Winter Selections from Mary Azarian's "A Farmer's Alphabet"

The atmosphere of a rural winter in her home state of Vermont, comes through clear in these woodcuts by Mary Azarian. Each scene featured here is a tribute to a way of life connected to the land and seasons.

In addition to the more common winter activities of sledding, shoveling, and building snowmen, there are mittens drying over an ornate, wood-burning stove, where an old-fashioned tea kettle boils. In another scene an adult pulls on a set of one-piece long johns with a buttoned back flap. These subjects, so varied in their patterns and textures, so colorless and harsh in their lighting, are particularly well-suited to the mark-making abilities of a master carver. 

The series was commissioned by Vermont's State Board of Education for display in classrooms. Maurice Sendak, one of the most acclaimed picture book illustrators in history, was often quoted as saying that he didn't make his work for children. For example, in one of his last interviews, he said,
I don't write for children. I write. And someone says, "That's for children."
Azarian was a teacher before she took to illustrating books with her stunning woodcuts, so she certainly must have had a sense of what interests children. That said, when I look at these images, I never feel that they are particularly made for children.
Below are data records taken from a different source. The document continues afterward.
Lemma balanced_tie_free_demand {r} : balanced r -> n_at r = 0%N ->
  above_demand r = 1 /\ below_demand r = 1.
Proof.
move=> bal n_at0; have n_pos : 0 < n%:R :> R by rewrite ltr0n.
have [[ra _] [rb _]] := (balanced_above_demand bal, balanced_below_demand bal).
have A_E := balanced_tie_free bal n_at0.
have [A_lt B_lt] := (balanced_n_above_lt bal, balanced_n_below_lt bal).
have := n_above_below_at r; rewrite n_at0 addn0 => ABn.
have /(balanced_gt0_of_above bal) r_gt0 : (0 < n_above r)%N by lia.
have /(balanced_lt1_of_below bal) r_lt1 : (0 < n_below r)%N by lia.
have B_E : (n_below r)%:R = n%:R * (1 - r).
  have : (n_above r)%:R + (n_below r)%:R = n%:R :> R by rewrite -natrD ABn.
  by rewrite A_E; lra.
rewrite A_E mulrAC divff ?mul1r ?gt_eqF // in ra.
rewrite B_E mulrAC divff ?mul1r ?gt_eqF // in rb.
have r'_gt0 : 0 < 1 - r by rewrite subr_gt0.
split; [apply: (mulfI (lt0r_neq0 r_gt0)) | apply: (mulfI (lt0r_neq0 r'_gt0))].
  by rewrite ra mulr1.
by rewrite rb mulr1.
Qed.

Lemma balanced_tie_bundle {r} : balanced r -> (0 < n_at r)%N ->
  nonneg2 (tie_bundle r) /\ dot (r, 1 - r) (tie_bundle r) = n%:R^-1.
Proof.
move=> bal C_gt0; have n_pos : 0 < n%:R :> R by rewrite ltr0n.
have C_pos : 0 < (n_at r)%:R :> R by rewrite ltr0n.
have [[ra ad_le1] [rb bd_le1]] := (balanced_above_demand bal, balanced_below_demand bal).
split; first by split; apply: divr_ge0; rewrite ?subr_ge0 // ltW.
have -> : dot (r, 1 - r) (tie_bundle r) =
    (1 - r * above_demand r - (1 - r) * below_demand r) / (n_at r)%:R.
  by rewrite /dot /=; field; rewrite gt_eqF.
have ABC : (n_above r)%:R = n%:R - (n_below r)%:R - (n_at r)%:R :> R.
  by rewrite -(n_above_below_at r) !natrD; ring.
by rewrite ra rb ABC; field; rewrite !gt_eqF.
Qed.

Lemma balanced_alloc_demand {r} i : balanced r ->
  is_demand (r, 1 - r) n%:R^-1 (p i) (balanced_alloc r i).
Proof.
move=> bal; have w_ge0 : 0 <= n%:R^-1 :> R by rewrite invr_ge0 ler0n.
rewrite /balanced_alloc /by_position; case: ltgtP => [r_lt | lt_r | tie].
- have A_gt0 : (0 < n_above r)%N by apply: (count_enum_gt0 _ i).
  exact: demand_all_state1 (balanced_gt0_of_above bal A_gt0) (ltW r_lt) w_ge0.
- have B_gt0 : (0 < n_below r)%N by apply: (count_enum_gt0 _ i).
  exact: demand_all_state2 (balanced_lt1_of_below bal B_gt0) (ltW lt_r) w_ge0.
- have C_gt0 : (0 < n_at r)%N by apply: (count_enum_gt0 _ i); rewrite /= tie.
  have [tie_ge0 tie_cost] := balanced_tie_bundle bal C_gt0.
  by rewrite -tie; apply: demand_tie.
Qed.

Lemma balanced_alloc_clears {r} : balanced r ->
  \sum_(i < n) (balanced_alloc r i).1 = 1 /\ \sum_(i < n) (balanced_alloc r i).2 = 1.
Proof.
move=> bal; rewrite !sum_by_position !mul0rn addr0 add0r.
rewrite -/(above_demand r) -/(below_demand r).
have [C0 | C_gt0] := posnP (n_at r).
  have [-> ->] := balanced_tie_free_demand bal C0.
  by rewrite C0 !mulr0n !addr0.
have share_tie (a : R) : (a / (n_at r)%:R) *+ n_at r = a.
  have C_neq0 : (n_at r)%:R != 0 :> R by rewrite pnatr_eq0 -lt0n.
  by rewrite -[in RHS](divfK C_neq0 a) mulr_natr.
by rewrite /= !share_tie !(addrC (_ *+ _)) !subrK.
Qed.

Lemma balanced_parimutuel_eq {r} : balanced r ->
  exists x, parimutuel_eq p (r, 1 - r) x.
Proof.
move=> bal; have [/andP[r_ge0 r_le1] _ _] := bal.
exists (balanced_alloc r); split.
  by split; rewrite /= ?subr_ge0 //; split=> //; ring.
split; [move=> i; exact: balanced_alloc_demand | exact: balanced_alloc_clears].
Qed.

Definition candidate (j : 'I_n + 'I_n.+1) : R :=
  match j with inl i => p i | inr k => k%:R / n%:R end.

Lemma candidate_01 j : 0 <= candidate j <= 1.
Proof.
case: j => [i | k] /=; first exact: p01.
have n_pos : 0 < n%:R :> R by rewrite ltr0n.
by rewrite divr_ge0 ?ler0n //= ler_pdivrMr // mul1r ler_nat -ltnS.
Qed.

Lemma n_above_gap {s r} : s < r -> (forall i, p i < r -> p i <= s) ->
  n_above s = (n - n_below r)%N.
Proof.
move=> s_lt_r gap; rewrite -count_ord_predC; apply: eq_count => i /=.
have [/gap pi_le | r_le] := ltP (p i) r; first by rewrite ltNge pi_le.
exact: lt_le_trans r_le.
Qed.

Lemma exists_balanced : exists r, balanced r.
Proof.
(* Take the least feasible candidate r. If it violated the second inequality,
   the largest candidate s < r would have n_above s = n - n_below r, and the
   grid point (n - n_below r) / n < r would show s feasible. *)
have n_pos : 0 < n%:R :> R by rewrite ltr0n.
pose feasible j := (n_above (candidate j))%:R <= n%:R * candidate j.
have feasible_1 : feasible (inr ord_max).
  rewrite /feasible /= divff ?gt_eqF // mulr1.
  by rewrite n_above1 ler0n.
have [j0 feasible_j0 min_j0] := arg_minP candidate feasible_1.
set r := candidate j0; have /andP[r_ge0 r_le1] := candidate_01 j0.
exists r; split => //; first by apply/andP.
rewrite leNgt; apply/negP => below_gt.
have r_gt0 : 0 < r.
  apply: gt0_of_below; rewrite lt0n; apply: contraTneq below_gt => ->.
  by rewrite -leNgt mulr_ge0 ?ler0n ?subr_ge0.
pose below_r j := candidate j < r.
have lt_r0 : below_r (inr ord0) by rewrite /below_r /= mul0r.
have [j1 s_lt_r max_j1] := arg_maxP candidate lt_r0.
rewrite /below_r in s_lt_r max_j1; set s := candidate j1 in s_lt_r max_j1.
have A_s : n_above s = (n - n_below r)%N.
  exact: n_above_gap s_lt_r (fun i => max_j1 (inl i)).
have k_lt : (n - n_below r < n.+1)%N by rewrite ltnS leq_subr.
have grid_lt : candidate (inr (Ordinal k_lt)) < r.
  by rewrite /= ltr_pdivrMr // natrB ?n_below_le //; lra.
have grid_le : candidate (inr (Ordinal k_lt)) <= s := max_j1 _ grid_lt.
have feasible_j1 : feasible j1.
  by rewrite /feasible -/s A_s mulrC -ler_pdivrMr.
by have := min_j0 _ feasible_j1; rewrite -/r -/s; lra.
Qed.

End Parimutuel.

Theorem proposition4 (R : realFieldType) (n : nat) (p : 'I_n -> R) :
  (0 < n)%N ->
  (forall i, 0 <= p i <= 1) ->
  (exists (rho : R * R) (x : 'I_n -> R * R), parimutuel_eq p rho x) /\
  (forall (rho : R * R) (x : 'I_n -> R * R),
      parimutuel_eq p rho x -> is_med (med_list p) rho.1).
Proof.
move=> n_gt0 p01; split.
  have [r bal] := exists_balanced n_gt0 p01.
  have [x eq_x] := balanced_parimutuel_eq n_gt0 p01 bal.
  by exists (r, 1 - r), x.
by move=> rho x /(parimutuel_eq_balanced n_gt0)/(balanced_is_med n_gt0 p01).
Qed.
Certainly I can enjoy this book with my children. They are excited to point out scenes that relate to their experiences, and inquire about anything unfamiliar. But the level of sophistication found in these images make them captivating for any age.

Godine Press published it as a beautifully bound, large gift book in 1981, and it continues to sell. It is definitely worth either buying or finding a copy in a library. It isn't enough to see it on a screen. One must leaf through the heavy, archival paper and really take in the exquisite details found in each lovingly carved image.

To borrow another quote from Sendak:

A book is really like a lover. It arranges itself in your life in a way that is beautiful.